# Given data
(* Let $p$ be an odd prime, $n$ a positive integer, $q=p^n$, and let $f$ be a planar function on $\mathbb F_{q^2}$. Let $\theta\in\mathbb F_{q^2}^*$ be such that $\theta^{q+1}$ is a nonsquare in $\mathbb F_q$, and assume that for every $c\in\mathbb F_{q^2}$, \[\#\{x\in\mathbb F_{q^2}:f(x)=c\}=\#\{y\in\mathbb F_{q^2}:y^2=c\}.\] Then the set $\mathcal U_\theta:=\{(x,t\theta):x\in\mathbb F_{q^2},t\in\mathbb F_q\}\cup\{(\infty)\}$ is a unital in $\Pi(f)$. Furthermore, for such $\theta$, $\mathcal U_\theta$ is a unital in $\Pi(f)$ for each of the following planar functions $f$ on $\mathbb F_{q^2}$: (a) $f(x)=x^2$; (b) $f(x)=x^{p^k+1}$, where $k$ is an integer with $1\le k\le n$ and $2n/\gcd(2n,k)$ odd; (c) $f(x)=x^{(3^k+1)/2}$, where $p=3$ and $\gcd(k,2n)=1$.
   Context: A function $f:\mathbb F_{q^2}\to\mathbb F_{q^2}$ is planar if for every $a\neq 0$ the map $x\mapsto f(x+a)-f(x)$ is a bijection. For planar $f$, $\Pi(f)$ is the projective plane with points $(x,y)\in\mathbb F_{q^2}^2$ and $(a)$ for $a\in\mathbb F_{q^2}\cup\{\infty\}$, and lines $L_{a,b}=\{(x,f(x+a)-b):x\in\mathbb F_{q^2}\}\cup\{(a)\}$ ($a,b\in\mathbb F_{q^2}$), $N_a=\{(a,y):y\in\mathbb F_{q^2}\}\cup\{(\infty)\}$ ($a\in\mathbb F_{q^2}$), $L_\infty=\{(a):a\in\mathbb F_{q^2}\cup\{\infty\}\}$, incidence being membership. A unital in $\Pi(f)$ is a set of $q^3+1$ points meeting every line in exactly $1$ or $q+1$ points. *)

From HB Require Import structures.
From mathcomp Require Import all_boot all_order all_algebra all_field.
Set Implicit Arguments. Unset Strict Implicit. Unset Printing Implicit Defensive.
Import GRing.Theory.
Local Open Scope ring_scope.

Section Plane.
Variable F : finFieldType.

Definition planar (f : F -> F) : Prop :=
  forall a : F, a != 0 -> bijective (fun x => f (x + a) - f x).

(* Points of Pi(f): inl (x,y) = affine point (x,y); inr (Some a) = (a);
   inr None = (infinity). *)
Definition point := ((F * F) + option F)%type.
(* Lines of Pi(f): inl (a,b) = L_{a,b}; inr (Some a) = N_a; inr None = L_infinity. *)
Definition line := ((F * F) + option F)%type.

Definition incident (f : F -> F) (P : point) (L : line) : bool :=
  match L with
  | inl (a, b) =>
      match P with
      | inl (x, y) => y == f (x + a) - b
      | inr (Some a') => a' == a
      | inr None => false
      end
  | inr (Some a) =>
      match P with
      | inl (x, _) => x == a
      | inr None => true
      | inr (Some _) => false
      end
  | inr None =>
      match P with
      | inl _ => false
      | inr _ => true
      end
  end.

==

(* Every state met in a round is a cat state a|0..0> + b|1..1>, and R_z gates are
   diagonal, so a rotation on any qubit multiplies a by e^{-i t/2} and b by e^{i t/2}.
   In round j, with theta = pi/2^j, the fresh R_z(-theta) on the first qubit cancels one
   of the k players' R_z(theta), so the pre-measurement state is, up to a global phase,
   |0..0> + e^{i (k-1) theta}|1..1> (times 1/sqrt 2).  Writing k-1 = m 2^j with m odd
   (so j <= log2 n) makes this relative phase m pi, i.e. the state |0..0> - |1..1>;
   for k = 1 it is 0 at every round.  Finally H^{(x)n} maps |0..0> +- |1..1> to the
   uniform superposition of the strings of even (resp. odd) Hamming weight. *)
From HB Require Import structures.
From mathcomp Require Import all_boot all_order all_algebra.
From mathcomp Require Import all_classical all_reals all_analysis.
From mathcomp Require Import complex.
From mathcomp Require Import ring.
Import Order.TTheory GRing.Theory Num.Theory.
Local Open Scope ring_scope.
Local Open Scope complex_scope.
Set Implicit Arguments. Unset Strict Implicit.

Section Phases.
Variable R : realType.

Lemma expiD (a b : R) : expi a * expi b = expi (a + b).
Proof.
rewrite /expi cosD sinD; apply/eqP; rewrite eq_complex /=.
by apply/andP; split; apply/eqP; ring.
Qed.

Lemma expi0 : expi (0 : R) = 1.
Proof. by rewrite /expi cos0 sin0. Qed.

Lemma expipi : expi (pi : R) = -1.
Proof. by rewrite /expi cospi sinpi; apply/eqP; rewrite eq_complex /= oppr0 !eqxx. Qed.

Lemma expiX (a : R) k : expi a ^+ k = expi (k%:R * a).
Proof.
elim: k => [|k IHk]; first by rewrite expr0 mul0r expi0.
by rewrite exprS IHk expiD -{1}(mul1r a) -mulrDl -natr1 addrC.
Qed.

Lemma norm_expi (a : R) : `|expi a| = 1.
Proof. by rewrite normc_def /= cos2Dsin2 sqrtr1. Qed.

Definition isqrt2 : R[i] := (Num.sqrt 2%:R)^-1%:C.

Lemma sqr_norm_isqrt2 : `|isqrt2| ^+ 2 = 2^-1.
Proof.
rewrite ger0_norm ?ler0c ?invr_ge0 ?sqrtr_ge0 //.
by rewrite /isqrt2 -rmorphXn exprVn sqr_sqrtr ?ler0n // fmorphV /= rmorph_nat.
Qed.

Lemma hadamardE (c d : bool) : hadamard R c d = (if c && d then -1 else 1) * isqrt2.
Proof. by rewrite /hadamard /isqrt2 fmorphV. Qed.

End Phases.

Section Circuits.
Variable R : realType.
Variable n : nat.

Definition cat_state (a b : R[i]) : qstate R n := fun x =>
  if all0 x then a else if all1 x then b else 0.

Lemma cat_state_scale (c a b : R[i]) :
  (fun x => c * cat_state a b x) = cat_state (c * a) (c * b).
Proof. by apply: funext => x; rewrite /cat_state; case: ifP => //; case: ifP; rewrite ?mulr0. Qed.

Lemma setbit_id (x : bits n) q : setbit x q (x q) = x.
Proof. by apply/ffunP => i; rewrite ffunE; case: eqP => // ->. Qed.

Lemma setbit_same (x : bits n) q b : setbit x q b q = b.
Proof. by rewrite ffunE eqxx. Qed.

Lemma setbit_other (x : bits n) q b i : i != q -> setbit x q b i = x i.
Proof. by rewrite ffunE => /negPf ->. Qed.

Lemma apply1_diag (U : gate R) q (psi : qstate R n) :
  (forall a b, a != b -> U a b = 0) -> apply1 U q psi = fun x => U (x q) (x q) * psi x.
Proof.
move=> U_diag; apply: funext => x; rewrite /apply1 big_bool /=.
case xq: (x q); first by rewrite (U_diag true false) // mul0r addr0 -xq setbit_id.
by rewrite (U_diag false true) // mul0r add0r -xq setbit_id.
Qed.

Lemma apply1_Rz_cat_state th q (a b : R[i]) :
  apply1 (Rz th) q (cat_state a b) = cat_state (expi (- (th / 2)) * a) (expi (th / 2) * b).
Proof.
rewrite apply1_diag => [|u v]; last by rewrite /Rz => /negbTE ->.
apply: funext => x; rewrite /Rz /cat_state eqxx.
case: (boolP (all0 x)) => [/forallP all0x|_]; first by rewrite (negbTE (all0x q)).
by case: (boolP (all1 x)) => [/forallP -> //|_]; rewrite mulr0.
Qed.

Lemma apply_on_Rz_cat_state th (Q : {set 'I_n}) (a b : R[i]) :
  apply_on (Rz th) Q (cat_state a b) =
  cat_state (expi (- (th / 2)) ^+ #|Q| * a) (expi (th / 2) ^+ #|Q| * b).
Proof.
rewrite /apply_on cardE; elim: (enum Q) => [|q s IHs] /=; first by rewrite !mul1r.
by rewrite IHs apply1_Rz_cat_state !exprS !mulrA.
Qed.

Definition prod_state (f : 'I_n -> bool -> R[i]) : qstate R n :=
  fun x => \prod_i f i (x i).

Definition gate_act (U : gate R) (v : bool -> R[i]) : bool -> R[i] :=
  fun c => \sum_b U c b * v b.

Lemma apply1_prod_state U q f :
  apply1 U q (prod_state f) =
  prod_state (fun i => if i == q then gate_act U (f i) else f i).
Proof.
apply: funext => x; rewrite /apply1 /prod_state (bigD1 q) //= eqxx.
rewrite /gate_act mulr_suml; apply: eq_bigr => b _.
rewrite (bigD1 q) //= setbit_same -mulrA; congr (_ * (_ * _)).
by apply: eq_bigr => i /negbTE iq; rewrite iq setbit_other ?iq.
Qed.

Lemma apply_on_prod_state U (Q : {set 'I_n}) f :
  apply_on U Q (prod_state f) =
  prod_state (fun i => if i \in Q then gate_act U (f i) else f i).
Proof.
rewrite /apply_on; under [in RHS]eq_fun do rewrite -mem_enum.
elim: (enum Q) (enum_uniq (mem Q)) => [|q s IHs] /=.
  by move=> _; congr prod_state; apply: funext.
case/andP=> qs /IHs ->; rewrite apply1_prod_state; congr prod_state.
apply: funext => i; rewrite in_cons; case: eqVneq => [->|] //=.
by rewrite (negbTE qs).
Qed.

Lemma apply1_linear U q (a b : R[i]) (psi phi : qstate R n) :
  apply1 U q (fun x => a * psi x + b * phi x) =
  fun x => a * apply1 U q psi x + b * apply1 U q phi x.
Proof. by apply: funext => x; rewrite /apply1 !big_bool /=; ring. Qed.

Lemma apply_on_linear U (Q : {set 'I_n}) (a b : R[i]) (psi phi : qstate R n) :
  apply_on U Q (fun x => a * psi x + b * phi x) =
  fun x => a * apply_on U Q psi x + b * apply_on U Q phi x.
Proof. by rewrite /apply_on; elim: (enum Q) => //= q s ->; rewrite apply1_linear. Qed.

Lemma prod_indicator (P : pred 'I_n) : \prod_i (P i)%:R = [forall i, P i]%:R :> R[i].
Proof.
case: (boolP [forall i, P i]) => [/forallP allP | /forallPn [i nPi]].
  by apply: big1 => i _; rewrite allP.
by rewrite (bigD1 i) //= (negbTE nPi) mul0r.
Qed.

# About this task
Across the listing above, count the lines that include "infty" and give the figure with no other words.

# Result
2